§ **What the task asks**:
Please copy out the entries below exactly, beginning with the line that contains "exists (w1 w2" and ending with the line that contains "[Delta B \subset", and include nothing outside that span.

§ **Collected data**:

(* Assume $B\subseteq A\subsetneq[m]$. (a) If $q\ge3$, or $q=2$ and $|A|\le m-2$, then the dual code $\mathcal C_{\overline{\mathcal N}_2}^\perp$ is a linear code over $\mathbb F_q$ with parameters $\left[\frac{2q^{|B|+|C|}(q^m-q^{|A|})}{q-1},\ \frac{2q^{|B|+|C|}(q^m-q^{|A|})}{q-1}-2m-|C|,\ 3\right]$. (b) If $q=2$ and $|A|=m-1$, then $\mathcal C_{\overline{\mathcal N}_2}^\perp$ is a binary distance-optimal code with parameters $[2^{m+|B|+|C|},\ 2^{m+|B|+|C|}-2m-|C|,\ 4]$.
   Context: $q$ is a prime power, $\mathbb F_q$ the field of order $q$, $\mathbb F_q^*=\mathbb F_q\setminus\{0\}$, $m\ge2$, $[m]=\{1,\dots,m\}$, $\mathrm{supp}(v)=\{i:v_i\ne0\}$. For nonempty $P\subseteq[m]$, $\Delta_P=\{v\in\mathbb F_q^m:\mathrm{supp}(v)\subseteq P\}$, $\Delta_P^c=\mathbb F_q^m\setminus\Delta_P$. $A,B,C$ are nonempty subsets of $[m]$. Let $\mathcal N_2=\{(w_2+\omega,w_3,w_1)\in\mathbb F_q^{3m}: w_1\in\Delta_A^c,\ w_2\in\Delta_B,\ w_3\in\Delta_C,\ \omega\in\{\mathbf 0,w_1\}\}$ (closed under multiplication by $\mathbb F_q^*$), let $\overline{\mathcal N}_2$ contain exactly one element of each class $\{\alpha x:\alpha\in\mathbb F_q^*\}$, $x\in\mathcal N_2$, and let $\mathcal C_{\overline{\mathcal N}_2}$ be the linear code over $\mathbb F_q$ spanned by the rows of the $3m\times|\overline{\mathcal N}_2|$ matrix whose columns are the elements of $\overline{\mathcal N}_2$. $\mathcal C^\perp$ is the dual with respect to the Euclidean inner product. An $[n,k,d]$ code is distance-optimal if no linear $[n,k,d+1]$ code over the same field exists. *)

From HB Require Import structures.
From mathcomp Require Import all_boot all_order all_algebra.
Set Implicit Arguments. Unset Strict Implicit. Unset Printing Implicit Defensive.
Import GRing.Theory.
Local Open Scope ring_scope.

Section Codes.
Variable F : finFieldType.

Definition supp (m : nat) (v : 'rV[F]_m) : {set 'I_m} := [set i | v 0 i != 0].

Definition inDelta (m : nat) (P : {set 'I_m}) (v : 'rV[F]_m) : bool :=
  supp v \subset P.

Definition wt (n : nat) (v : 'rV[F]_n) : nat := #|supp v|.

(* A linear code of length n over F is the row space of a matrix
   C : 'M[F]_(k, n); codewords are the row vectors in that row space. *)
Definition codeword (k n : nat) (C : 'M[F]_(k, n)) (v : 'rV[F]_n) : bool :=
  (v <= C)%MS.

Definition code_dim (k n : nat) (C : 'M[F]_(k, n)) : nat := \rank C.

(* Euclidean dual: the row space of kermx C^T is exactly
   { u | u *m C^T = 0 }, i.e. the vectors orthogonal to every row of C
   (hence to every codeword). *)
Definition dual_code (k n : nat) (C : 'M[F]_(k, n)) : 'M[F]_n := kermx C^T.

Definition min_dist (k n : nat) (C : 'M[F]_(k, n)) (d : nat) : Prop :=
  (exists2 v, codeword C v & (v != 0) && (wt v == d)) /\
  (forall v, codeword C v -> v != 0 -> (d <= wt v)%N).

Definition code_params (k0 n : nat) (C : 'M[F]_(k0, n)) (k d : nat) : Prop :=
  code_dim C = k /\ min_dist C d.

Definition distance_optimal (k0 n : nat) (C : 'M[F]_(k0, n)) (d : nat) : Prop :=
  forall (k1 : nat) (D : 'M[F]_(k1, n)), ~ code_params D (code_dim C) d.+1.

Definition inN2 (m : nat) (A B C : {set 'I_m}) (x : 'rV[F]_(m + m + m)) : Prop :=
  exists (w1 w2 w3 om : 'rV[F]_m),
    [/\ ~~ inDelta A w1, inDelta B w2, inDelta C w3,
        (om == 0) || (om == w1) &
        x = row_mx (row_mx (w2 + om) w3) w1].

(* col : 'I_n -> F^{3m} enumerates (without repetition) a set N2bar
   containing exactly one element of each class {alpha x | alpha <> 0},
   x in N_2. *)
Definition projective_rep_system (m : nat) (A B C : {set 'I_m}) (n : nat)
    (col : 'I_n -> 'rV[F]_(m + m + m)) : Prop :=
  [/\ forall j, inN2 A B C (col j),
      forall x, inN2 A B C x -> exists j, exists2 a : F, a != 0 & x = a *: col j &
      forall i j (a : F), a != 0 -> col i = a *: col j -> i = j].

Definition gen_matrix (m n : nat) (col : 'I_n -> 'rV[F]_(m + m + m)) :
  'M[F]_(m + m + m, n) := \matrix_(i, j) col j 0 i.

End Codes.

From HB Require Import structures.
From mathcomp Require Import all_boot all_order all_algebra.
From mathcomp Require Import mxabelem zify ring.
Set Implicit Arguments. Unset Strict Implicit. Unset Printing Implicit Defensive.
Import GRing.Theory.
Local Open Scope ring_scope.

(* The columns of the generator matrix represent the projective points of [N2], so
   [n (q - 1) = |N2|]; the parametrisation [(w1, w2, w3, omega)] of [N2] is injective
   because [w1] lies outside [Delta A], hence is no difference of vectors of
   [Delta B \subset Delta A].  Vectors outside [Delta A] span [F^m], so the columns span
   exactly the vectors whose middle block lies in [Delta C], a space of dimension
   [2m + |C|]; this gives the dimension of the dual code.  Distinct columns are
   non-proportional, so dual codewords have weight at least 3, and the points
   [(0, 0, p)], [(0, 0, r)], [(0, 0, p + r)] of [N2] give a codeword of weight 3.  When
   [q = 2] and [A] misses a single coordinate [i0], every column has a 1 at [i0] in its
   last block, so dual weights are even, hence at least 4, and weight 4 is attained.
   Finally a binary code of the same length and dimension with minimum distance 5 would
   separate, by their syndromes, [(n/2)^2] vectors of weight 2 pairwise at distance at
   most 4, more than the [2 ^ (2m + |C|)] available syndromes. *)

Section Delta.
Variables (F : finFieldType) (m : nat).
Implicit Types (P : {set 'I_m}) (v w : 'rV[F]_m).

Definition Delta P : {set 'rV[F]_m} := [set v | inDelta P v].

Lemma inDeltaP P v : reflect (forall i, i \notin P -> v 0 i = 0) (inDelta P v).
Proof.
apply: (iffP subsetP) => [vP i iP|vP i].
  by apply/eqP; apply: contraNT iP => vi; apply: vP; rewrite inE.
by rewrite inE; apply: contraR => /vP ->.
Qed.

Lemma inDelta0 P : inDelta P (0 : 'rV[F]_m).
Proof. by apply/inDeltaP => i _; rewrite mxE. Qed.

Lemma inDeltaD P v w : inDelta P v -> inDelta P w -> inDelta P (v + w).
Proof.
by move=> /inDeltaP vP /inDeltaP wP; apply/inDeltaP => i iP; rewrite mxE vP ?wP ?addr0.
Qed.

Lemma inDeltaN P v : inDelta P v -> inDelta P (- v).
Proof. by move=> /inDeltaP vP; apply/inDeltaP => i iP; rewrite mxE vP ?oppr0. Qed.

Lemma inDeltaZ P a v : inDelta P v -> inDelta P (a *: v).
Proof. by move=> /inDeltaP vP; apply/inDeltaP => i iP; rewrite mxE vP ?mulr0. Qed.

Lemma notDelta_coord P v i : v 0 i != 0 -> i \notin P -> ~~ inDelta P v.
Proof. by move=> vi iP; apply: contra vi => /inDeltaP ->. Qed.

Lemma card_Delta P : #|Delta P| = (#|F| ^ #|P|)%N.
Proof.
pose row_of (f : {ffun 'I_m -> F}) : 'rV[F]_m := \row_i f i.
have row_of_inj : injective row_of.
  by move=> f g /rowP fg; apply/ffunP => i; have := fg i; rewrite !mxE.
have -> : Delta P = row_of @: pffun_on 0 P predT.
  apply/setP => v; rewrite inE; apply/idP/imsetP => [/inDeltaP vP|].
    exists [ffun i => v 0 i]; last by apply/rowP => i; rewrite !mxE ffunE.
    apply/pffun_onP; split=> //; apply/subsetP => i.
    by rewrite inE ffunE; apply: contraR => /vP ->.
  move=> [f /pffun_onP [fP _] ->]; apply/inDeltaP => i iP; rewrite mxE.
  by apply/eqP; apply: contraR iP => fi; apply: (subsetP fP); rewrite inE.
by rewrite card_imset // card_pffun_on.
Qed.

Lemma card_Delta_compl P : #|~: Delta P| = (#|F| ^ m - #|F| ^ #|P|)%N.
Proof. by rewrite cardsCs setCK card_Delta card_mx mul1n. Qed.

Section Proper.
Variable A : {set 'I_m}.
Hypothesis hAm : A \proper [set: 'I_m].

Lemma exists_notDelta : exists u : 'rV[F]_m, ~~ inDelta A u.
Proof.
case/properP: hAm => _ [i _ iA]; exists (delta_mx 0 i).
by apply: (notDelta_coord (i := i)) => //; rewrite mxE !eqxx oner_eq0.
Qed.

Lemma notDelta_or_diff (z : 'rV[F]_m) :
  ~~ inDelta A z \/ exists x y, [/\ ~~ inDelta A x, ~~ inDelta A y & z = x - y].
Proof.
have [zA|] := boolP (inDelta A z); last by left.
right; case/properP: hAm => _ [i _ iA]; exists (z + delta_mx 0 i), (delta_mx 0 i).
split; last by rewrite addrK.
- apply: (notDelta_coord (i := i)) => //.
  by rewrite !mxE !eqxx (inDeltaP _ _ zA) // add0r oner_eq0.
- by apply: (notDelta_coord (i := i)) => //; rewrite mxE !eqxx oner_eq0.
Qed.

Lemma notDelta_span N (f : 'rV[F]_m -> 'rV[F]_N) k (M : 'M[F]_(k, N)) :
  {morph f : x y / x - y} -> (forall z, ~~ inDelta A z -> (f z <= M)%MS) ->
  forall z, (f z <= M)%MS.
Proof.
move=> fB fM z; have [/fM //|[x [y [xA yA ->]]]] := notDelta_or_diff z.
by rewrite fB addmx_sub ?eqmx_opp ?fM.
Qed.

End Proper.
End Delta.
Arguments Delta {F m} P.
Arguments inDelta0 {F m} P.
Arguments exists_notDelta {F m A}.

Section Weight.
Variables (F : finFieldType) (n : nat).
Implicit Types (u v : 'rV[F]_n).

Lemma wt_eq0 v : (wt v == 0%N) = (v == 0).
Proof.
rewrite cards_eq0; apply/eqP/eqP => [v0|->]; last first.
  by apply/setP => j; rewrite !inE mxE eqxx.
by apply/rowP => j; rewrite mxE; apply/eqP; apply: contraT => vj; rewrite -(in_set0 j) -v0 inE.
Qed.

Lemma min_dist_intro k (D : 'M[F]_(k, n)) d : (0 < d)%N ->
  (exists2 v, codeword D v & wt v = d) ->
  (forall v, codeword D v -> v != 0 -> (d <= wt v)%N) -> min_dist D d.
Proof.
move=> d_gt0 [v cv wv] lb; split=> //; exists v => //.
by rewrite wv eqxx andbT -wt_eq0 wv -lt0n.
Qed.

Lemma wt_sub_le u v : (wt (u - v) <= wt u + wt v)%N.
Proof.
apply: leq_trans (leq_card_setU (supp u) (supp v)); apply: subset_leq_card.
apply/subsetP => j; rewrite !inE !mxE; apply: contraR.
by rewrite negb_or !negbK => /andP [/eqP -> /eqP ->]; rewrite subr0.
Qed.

§ **Answer to the exercise**:
  exists (w1 w2 w3 om : 'rV[F]_m),
    [/\ ~~ inDelta A w1, inDelta B w2, inDelta C w3,
        (om == 0) || (om == w1) &
        x = row_mx (row_mx (w2 + om) w3) w1].

(* col : 'I_n -> F^{3m} enumerates (without repetition) a set N2bar
   containing exactly one element of each class {alpha x | alpha <> 0},
   x in N_2. *)
Definition projective_rep_system (m : nat) (A B C : {set 'I_m}) (n : nat)
    (col : 'I_n -> 'rV[F]_(m + m + m)) : Prop :=
  [/\ forall j, inN2 A B C (col j),
      forall x, inN2 A B C x -> exists j, exists2 a : F, a != 0 & x = a *: col j &
      forall i j (a : F), a != 0 -> col i = a *: col j -> i = j].

Definition gen_matrix (m n : nat) (col : 'I_n -> 'rV[F]_(m + m + m)) :
  'M[F]_(m + m + m, n) := \matrix_(i, j) col j 0 i.

End Codes.

From HB Require Import structures.
From mathcomp Require Import all_boot all_order all_algebra.
From mathcomp Require Import mxabelem zify ring.
Set Implicit Arguments. Unset Strict Implicit. Unset Printing Implicit Defensive.
Import GRing.Theory.
Local Open Scope ring_scope.

(* The columns of the generator matrix represent the projective points of [N2], so
   [n (q - 1) = |N2|]; the parametrisation [(w1, w2, w3, omega)] of [N2] is injective
   because [w1] lies outside [Delta A], hence is no difference of vectors of
   [Delta B \subset Delta A].  Vectors outside [Delta A] span [F^m], so the columns span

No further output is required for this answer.